Problem
Needed from the data below: every line from the one with "Unset Strict Implicit." up to and including the one with "Section Quiver.", repeated exactly and with nothing else.

Records from a collection
(* Let $K$ be an algebraically closed field and $\Lambda=K\Gamma/I$ a finite-dimensional algebra ($\Gamma$ a finite quiver, $I$ admissible). Suppose that $U,U'$ are non-isomorphic uniserial finite-dimensional left $\Lambda$-modules with $\dim_KU=\dim_KU'$. Then $U$ does not degenerate to $U'$.
   Context: For $d=\dim_KU$, $\operatorname{Mod}^d_\Lambda$ denotes the affine variety of $\Lambda$-module structures on $K^d$, with the action of $\operatorname{GL}_d$ by conjugation whose orbits are the isomorphism classes. $U$ degenerates to $U'$ if a point of $\operatorname{Mod}^d_\Lambda$ corresponding to $U'$ lies in the Zariski closure of the $\operatorname{GL}_d$-orbit of points corresponding to $U$. *)

From HB Require Import structures.
From mathcomp Require Import all_boot all_algebra.
From mathcomp Require Import mpoly.

Set Implicit Arguments.
Unset Strict Implicit.
Unset Printing Implicit Defensive.

Import GRing.Theory.
Local Open Scope ring_scope.

(* Quiver Gamma: vertices 'I_n, arrows 'I_m, source s, target t.       *)
(* A path is a pair (i, r) : starting vertex i, followed by the arrows *)
(* r = [:: a1; ...; ak] traversed in this order (a1 first).             *)
(* (i, [::]) is the trivial path e_i.                                  *)

Definition qpath (n m : nat) := ('I_n * seq 'I_m)%type.

Section Quiver.
Variables (n m : nat) (s t : 'I_m -> 'I_n).

Fixpoint valid_from (i : 'I_n) (r : seq 'I_m) : bool :=
  match r with
  | [::] => true
  | a :: r' => (s a == i) && valid_from (t a) r'
  end.

Definition validp (p : qpath n m) : bool := valid_from p.1 p.2.

Fixpoint pend (i : 'I_n) (r : seq 'I_m) : 'I_n :=
  match r with
  | [::] => i
  | a :: r' => pend (t a) r'
  end.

Solution to this task
Unset Strict Implicit.
Unset Printing Implicit Defensive.

Import GRing.Theory.
Local Open Scope ring_scope.

(* Quiver Gamma: vertices 'I_n, arrows 'I_m, source s, target t.       *)
(* A path is a pair (i, r) : starting vertex i, followed by the arrows *)
(* r = [:: a1; ...; ak] traversed in this order (a1 first).             *)
(* (i, [::]) is the trivial path e_i.                                  *)

Definition qpath (n m : nat) := ('I_n * seq 'I_m)%type.

Section Quiver.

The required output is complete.